Structure and Personnel of the Cyber Army
The Polish Cyber Army consists of uniformed soldiers with military ranks, operating from headquarters in Legionowo and 11 subordinate units across the country [36:22:00]. Their presence extends to every military unit, ensuring IT services and cybersecurity for all equipment, including aircraft [37:07:00]. The core strength of the Cyber Army is its intellectual power and creative thinking, with most officers holding Master of Science degrees in computer science, cybersecurity, or cryptology [38:32:00].
To attract and retain talent, special allowances were introduced in 2020 for soldiers in cybersecurity roles, potentially reaching up to 45,000 gross per month [41:12:00]. However, the primary motivators for joining the team are the unparalleled challenges and development in the tech industry in operating rooms, unlimited access to development opportunities, and the sense of patriotism from serving a greater purpose [41:48:00].
The Cyber Army operates 24/7, acknowledging that attackers do not adhere to regular working hours [45:05:00].
Readiness and Achievements
The Polish Cyber Army has not waited until the initially declared readiness year of 2024 to become active [46:11:00]. They are continuously acquiring capabilities and building competencies [46:33:00]. Their effectiveness is demonstrated by their performance in international exercises like Lock Shields, where they secured third place this year and second place last year [47:14:00]. This achievement reflects the potential not only of the military but also of the broader cyber period in Poland [47:28:00].

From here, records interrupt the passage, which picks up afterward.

Lemma qform_unit_vec Y a b : qform Y (unit_vec a) (unit_vec b) = Y a b.
Proof.
rewrite qform_unit_vecl -[RHS](sum_unit_vecl b (Y a)).
by apply: eq_bigr => c _; rewrite mulrC.
Qed.

Lemma qform_unit_vec1 Y a : qform Y (unit_vec a) (fun=> 1) = \sum_b Y a b.
Proof. by rewrite qform_unit_vecl; apply: eq_bigr => b _; rewrite mulr1. Qed.

Lemma qform11 Y : qform Y (fun=> 1) (fun=> 1) = sumJ Y.
Proof. by apply: eq_bigr => a _; apply: eq_bigr => b _; rewrite mulr1 mul1r. Qed.

Lemma psd_entry_sqr Y a b : psd Y -> Y a b ^+ 2 <= Y a a * Y b b.
Proof.
by move=> /(qform_CauchySchwarz _ (unit_vec a) (unit_vec b)); rewrite !qform_unit_vec.
Qed.

Lemma psd_row_sum_sqr Y a : psd Y -> (\sum_b Y a b) ^+ 2 <= Y a a * sumJ Y.
Proof.
move=> /(qform_CauchySchwarz _ (unit_vec a) (fun=> 1)).
by rewrite qform_unit_vec1 qform_unit_vec qform11.
Qed.

Lemma psd_scale Y (c : R) : 0 <= c -> psd Y -> psd (fun a b => Y a b * c).
Proof.
move=> c_ge0 /psdE [Ysym Ypsd]; apply/psdE; split=> [a b|x]; first by rewrite Ysym.
have -> : qform (fun a b => Y a b * c) x x = qform Y x x * c.
  rewrite /qform mulr_suml; apply: eq_bigr => a _.
  by rewrite mulr_suml; apply: eq_bigr => b _; ring.
exact: mulr_ge0.
Qed.

Lemma psd_scale_diag Y (d : T -> R) : psd Y -> psd (fun a b => d a * d b * Y a b).
Proof.
move=> /psdE [Ysym Ypsd]; apply/psdE; split=> [a b|x].
  by rewrite Ysym (mulrC (d a)).
have -> : qform (fun a b => d a * d b * Y a b) x x =
          qform Y (fun a => x a * d a) (fun a => x a * d a).
  by apply: eq_bigr => a _; apply: eq_bigr => b _; ring.
exact: Ypsd.
Qed.

Lemma psd_outer x : psd (fun a b => x a * x b).
Proof.
apply/psdE; split=> [a b|y]; first exact: mulrC.
have -> : qform (fun a b => x a * x b) y y = (\sum_a y a * x a) ^+ 2.
  rewrite /qform expr2 mulr_suml; apply: eq_bigr => a _; rewrite mulr_sumr.
  by apply: eq_bigr => b _; ring.
exact: sqr_ge0.
Qed.

Lemma trace_le_sumJ Y : nonneg Y -> trace Y <= sumJ Y.
Proof.
move=> Y_ge0; apply: ler_sum => a _.
by rewrite (bigD1 a) //= lerDl sumr_ge0.
Qed.

Lemma sumJ_le_card Y : trace Y = 1 -> psd Y -> nonneg Y -> sumJ Y <= #|T|%:R ^+ 2.
Proof.
move=> Y_tr Ypsd Y_ge0.
have diag_le1 a : Y a a <= 1.
  by rewrite -Y_tr /trace (bigD1 a) //= lerDl sumr_ge0.
have entry_le1 a b : Y a b <= 1.
  have := psd_entry_sqr _ a b Ypsd; have := diag_le1 a; have := diag_le1 b.
  have := Y_ge0 a a; have := Y_ge0 b b; have := Y_ge0 a b; nra.
rewrite expr2 -[X in X * _]sumr_const -[X in _ * X]sumr_const mulr_suml.
apply: ler_sum => a _; rewrite mulr_sumr; apply: ler_sum => b _.
by rewrite mul1r entry_le1.
Qed.

End QuadraticForm.

Section Bordering.
Context {R : realType} {T : finType}.
Implicit Types (Y X : T -> T -> R) (x : T -> R).

Definition oextend (x0 : R) x : option T -> R :=
  fun o => if o is Some a then x a else x0.

Lemma qform_option (M : option T -> option T -> R) (y z : option T -> R) :
  qform M y z = y None * M None None * z None
    + \sum_b y None * M None (Some b) * z (Some b)
    + \sum_a y (Some a) * M (Some a) None * z None
    + qform (fun a b => M (Some a) (Some b)) (y \o Some) (z \o Some).
Proof.
rewrite /qform sum_option sum_option -!addrA; congr (_ + _).
by rewrite (eq_bigr _ (fun a _ => sum_option _)) big_split /= addrA.
Qed.

Lemma qform_border X (x0 : R) x :
  qform (border X) (oextend x0 x) (oextend x0 x) =
  x0 ^+ 2 + 2 * x0 * \sum_a x a * X a a + qform X x x.
Proof.
rewrite qform_option /= mulr1 -expr2 -!addrA; congr (_ + _).
rewrite !addrA; congr (_ + _).
by rewrite -big_split mulr_sumr; apply: eq_bigr => a _ /=; ring.
Qed.

Lemma psd_border_sub X : psd (border X) -> psd X.
Proof.
move=> /psdE [Xsym Xpsd]; apply/psdE; split=> [a b|x].
  exact: (Xsym (Some a) (Some b)).
by have := Xpsd (oextend 0 x); rewrite qform_border expr0n mulr0 !mul0r !add0r.
Qed.

Lemma sqr_trace_le_sumJ X : psd (border X) -> trace X ^+ 2 <= sumJ X.
Proof.
move=> /psdE [_ /(_ (oextend (- trace X) (fun=> 1)))].
rewrite qform_border qform11 (eq_bigr _ (fun a _ => mul1r (X a a))) -/(trace X).
lra.
Qed.

(* The Gram matrix B^T Y B for the columns B = [1 | I]. *)
Definition bordered_sums Y : option T -> option T -> R :=
  fun o o' => match o, o' with
              | None, None => sumJ Y
              | None, Some b => \sum_c Y c b
              | Some a, None => \sum_d Y a d
              | Some a, Some b => Y a b
              end.

Lemma psd_bordered_sums Y : psd Y -> psd (bordered_sums Y).
Proof.
move=> /psdE [Ysym Ypsd]; apply/psdE; split.
  move=> [a|] [b|] //=; apply: eq_bigr => c _; exact: Ysym.
move=> y; have := Ypsd (fun a => y (Some a) + y None * 1).
rewrite qformDl !qformDr qform11 qform_option /=; congr (0 <= _).
have -> : \sum_a y (Some a) * (\sum_d Y a d) * y None =
          y None * qform Y (y \o Some) (fun=> 1).
  rewrite /qform mulr_sumr; apply: eq_bigr => a _.
  by rewrite mulrAC !mulr_sumr; apply: eq_bigr => b _ /=; ring.
have -> : \sum_b y None * (\sum_c Y c b) * y (Some b) =
          y None * qform Y (fun=> 1) (y \o Some).
  rewrite /qform exchange_big mulr_sumr; apply: eq_bigr => b _.
  by rewrite mulrAC !mulr_sumr; apply: eq_bigr => c _ /=; ring.
rewrite /=; ring.
Qed.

A significant challenge of implementing IT solutions in a hierarchical military structure was fostering teamwork and encouraging brainstorming over rigid adherence to rank [48:26:00]. General Molenda and his leadership team underwent training, including soft skills and psychology, to transform their leadership approach and empower their teams [48:45:00].
Leadership and Vision
General Karol Molenda is recognized as a key co-author and implementer of the vision for the Polish Cyber Army [51:31:00]. His appointment as chairman of the US Back Command’s ‘Sabe Commanders Forum’ highlights international recognition of Poland’s success in building cyber defense capabilities rapidly [50:25:00]. This forum serves as a platform to share Poland’s approach with other allied commanders [50:46:00]. The upcoming meeting in Krakow in October, where commanders will share experiences, further underscores Poland’s growing maturity in cyber defense [51:13:00].